What is it about pockets?

And I know I’m not alone in this – every time some kick ass receptacles appear on Instagram, my people emerge. As I was finishing off my second Marcy Tilton Vogue 8813, it occurred to me, that my pocket love might stem from a subconscious desire to climb into their gargantuan folds and hide from the world.

My first attempt at this pattern was documented in a guest blog for Minerva Crafts and I’ve not much to add, except to say that I still hate gathering and will be avoiding any garment that involves this technique for the foreseeable. I’m particularly happy with the finish around the v-neck, as I used a strip of lightweight fusible interfacing to prevent any stretch from mishandling. If I were to make a third, I’d interface the areas which call for reinforcement too, as the notches weakened the fabric and got me reaching for some fray check.

It’s been a week where I haven’t been able to shy away from the fragility of existence and the reality that bad things happen to good people. I’ve been on the receiving end of glowing praise and harsh criticism, observing their opposing effects on my mental state. And I’ve sought comfort in wisdoms gleaned from Buddhist teachings – that everything is dependant related and lacks its own permanent, fixed identify. I’ve sat with uncomfortable feelings and when they’ve got too big to countenance, I’ve grabbed my trainers, took to the streets and worn them down.

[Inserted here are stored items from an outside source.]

Lemma eq_adj_on (ok ok' : pred 'I_ne) : ok =1 ok' -> adj ok =2 adj ok'.
Proof. by move=> eq_ok x y; apply/idP/idP; apply: sub_adj_on => f; rewrite eq_ok. Qed.

Lemma connect_adj_on_sym (ok : pred 'I_ne) x y :
  connect (adj ok) x y = connect (adj ok) y x.
Proof. exact: (sym_connect_sym (@adj_on_sym ok)). Qed.

Lemma connect_adj_on_split (ok : pred 'I_ne) f x y :
  connect (adj ok) x y ->
  [\/ connect (adj [pred g | ok g && (g != f)]) x y,
      connect (adj [pred g | ok g && (g != f)]) x (src f) |
      connect (adj [pred g | ok g && (g != f)]) x (tgt f)].
Proof.
case/connectP => p pp ->; elim: p x pp => [|z p IH] x /=.
  by move=> _; apply: Or31; apply: connect0.
case/andP => /adj_onP [g okg Hg] pp.
have [<- | gf] := eqVneq g f.
  case/orP: Hg => /andP [/eqP s /eqP t].
    by apply: Or32; rewrite s connect0.
  by apply: Or33; rewrite t connect0.
have a : adj [pred h | ok h && (h != f)] x z.
  by apply/adj_onP; exists g => //=; rewrite okg gf.
by case: (IH z pp) => c; [apply: Or31 | apply: Or32 | apply: Or33];
  apply: connect_trans (connect1 a) c.
Qed.

Section ConnectedCard.
Variables (ok : pred 'I_ne) (r : 'I_nv).
Hypothesis connected : forall x y, connect (adj ok) x y.

Fixpoint reach_within (k : nat) (v : 'I_nv) : bool :=
  if k is k'.+1 then reach_within k' v || [exists u, adj ok u v && reach_within k' u]
  else v == r.

Lemma reach_within_path x p k : path (adj ok) x p -> reach_within k x ->
  reach_within (k + size p) (last x p).
Proof.
elim: p x k => [|y p IH] x k /=; first by rewrite addn0.
case/andP => axy pp rk; rewrite addnS -addSn; apply: IH => //=.
by apply/orP; right; apply/existsP; exists x; rewrite axy rk.
Qed.

Lemma reach_within_ex v : exists k, reach_within k v.
Proof.
have /connectP [p pp ->] := connected r v; exists (0 + size p).
by apply: reach_within_path => //=.
Qed.

Definition depth v := ex_minn (reach_within_ex v).

Lemma reach_within_depth v : reach_within (depth v) v.
Proof. by rewrite /depth; case: ex_minnP. Qed.

Lemma depth_min v k : reach_within k v -> depth v <= k.
Proof. by rewrite /depth; case: ex_minnP => m _ H /H. Qed.

Lemma depth_parent v : v != r -> exists2 u, adj ok u v & depth u < depth v.
Proof.
move=> vr; have := reach_within_depth v; case E: (depth v) => [|k] /=.
  by move/eqP => vr'; rewrite vr' eqxx in vr.
case/orP => [rk | /existsP [u /andP [a ru]]].
  by have := depth_min rk; rewrite E ltnn.
by exists u => //; have := depth_min ru; rewrite ltnS.
Qed.

Definition parent_edge_of v : pred 'I_ne := [pred e | ok e &&
  (((src e == v) && (depth (tgt e) < depth v)) ||
   ((tgt e == v) && (depth (src e) < depth v)))].

Lemma parent_edge_ex v : v != r -> exists e, parent_edge_of v e.
Proof.
move=> /depth_parent [u /adj_onP [e oke He] du]; exists e.
rewrite /parent_edge_of /= oke.
by case/orP: He => /andP [/eqP -> /eqP ->]; rewrite eqxx du ?orbT.
Qed.

Definition parent_edge v := [pick e | parent_edge_of v e].

Lemma parent_edgeP v : v != r -> exists2 e, parent_edge v = Some e & parent_edge_of v e.
Proof.
move=> vr; rewrite /parent_edge; case: pickP => [e He | none]; first by exists e.
by have [e] := parent_edge_ex vr; rewrite none.
Qed.

(* [v] is the deeper end of its parent edge, so the parent edge determines [v]. *)
Lemma parent_edge_inj : {in predC1 r &, injective parent_edge}.
Proof.
move=> u v ur vr; have [e -> /andP [_ He]] := parent_edgeP ur.
have [f -> /andP [_ Hf]] := parent_edgeP vr; case=> ef; subst f.
apply/eqP; apply/negPn/negP => uv.
case/orP: He => /andP [/eqP s1 d1]; case/orP: Hf => /andP [/eqP s2 d2].
- by rewrite -s1 s2 eqxx in uv.
- by rewrite s1 in d2; rewrite s2 in d1; have := ltn_trans d1 d2; rewrite ltnn.
- by rewrite s1 in d2; rewrite s2 in d1; have := ltn_trans d1 d2; rewrite ltnn.
- by rewrite -s1 s2 eqxx in uv.
Qed.

Lemma connected_card_le_root : nv <= #|ok|.+1.
Proof.
have card_im : #|[set parent_edge v | v in predC1 r]| = #|predC1 r|.
  exact: card_in_imset parent_edge_inj.
have sub_ok : [set parent_edge v | v in predC1 r] \subset [set Some e | e in ok].
  apply/subsetP => _ /imsetP [v vr ->]; have [e -> /andP [oke _]] := parent_edgeP vr.
  exact: imset_f.
have := subset_leq_card sub_ok; rewrite card_im card_imset; last by move=> a b [].
by rewrite cardC1 card_ord; case: (nv).
Qed.

End ConnectedCard.

Lemma connected_card_le (ok : pred 'I_ne) :
  (forall x y, connect (adj ok) x y) -> nv <= #|ok|.+1.
Proof.
move=> conn; case: (posnP nv) => [-> // | nv_gt0].
exact: (connected_card_le_root (Ordinal nv_gt0) conn).
Qed.

End AdjOn.

Section AdjOnMorphism.
Variables (nvS neS nvT neT : nat).
Variables (srcS tgtS : 'I_neS -> 'I_nvS) (srcT tgtT : 'I_neT -> 'I_nvT).
Variables (vm : 'I_nvS -> 'I_nvT) (em : 'I_neS -> 'I_neT).
Hypothesis vm_inj : injective vm.
Hypothesis em_src : forall g, srcT (em g) = vm (srcS g).
Hypothesis em_tgt : forall g, tgtT (em g) = vm (tgtS g).
Variables (okS : pred 'I_neS) (okT : pred 'I_neT).

Lemma connect_adj_on_map : (forall g, okS g -> okT (em g)) ->
  forall x y, connect (adj_on srcS tgtS okS) x y ->
    connect (adj_on srcT tgtT okT) (vm x) (vm y).
Proof.
move=> hok x y /connectP [p pp ->]; elim: p x pp => [|z p IH] x /=.
  by rewrite connect0.
case/andP => /adj_onP [g okg Hg] pp; apply: connect_trans (IH _ pp).
apply: connect1; apply/adj_onP; exists (em g); first exact: hok.
by rewrite em_src em_tgt !(inj_eq vm_inj).
Qed.

Variable A : pred 'I_nvT.
Hypothesis A_vm : forall w, A (vm w).
Hypothesis em_onto : forall f, okT f -> A (srcT f) -> A (tgtT f) ->
  exists2 g, okS g & em g = f.
Hypothesis A_closed : forall f, okT f -> A (srcT f) = A (tgtT f).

At 43 I’m ripe for a mid life crises but thankfully I’m ahead of my time and got that emotional unravelling out of the way in my 20’s and 30’s. There’s been a radical shift in how I relate to myself and others but it’s one I embrace. However, change does not happen in a vacuum and comes with internal and external resistance. I’m concerned some of my relationships won’t weather the metamorphosis and I falter, triggered by old wounds and the fear of rejection fuelled self-annihilation.

Looking back, I was forever lost and sought solid ground through my interactions with others. In adulthood I’m appreciating a seismic shift in my functioning. Through anchoring myself inwards, I’ve learnt I can do hard things. And on the days where I can’t, I’ll retreat awhile and seek solace in the comfort afforded by these cocoon-like pockets.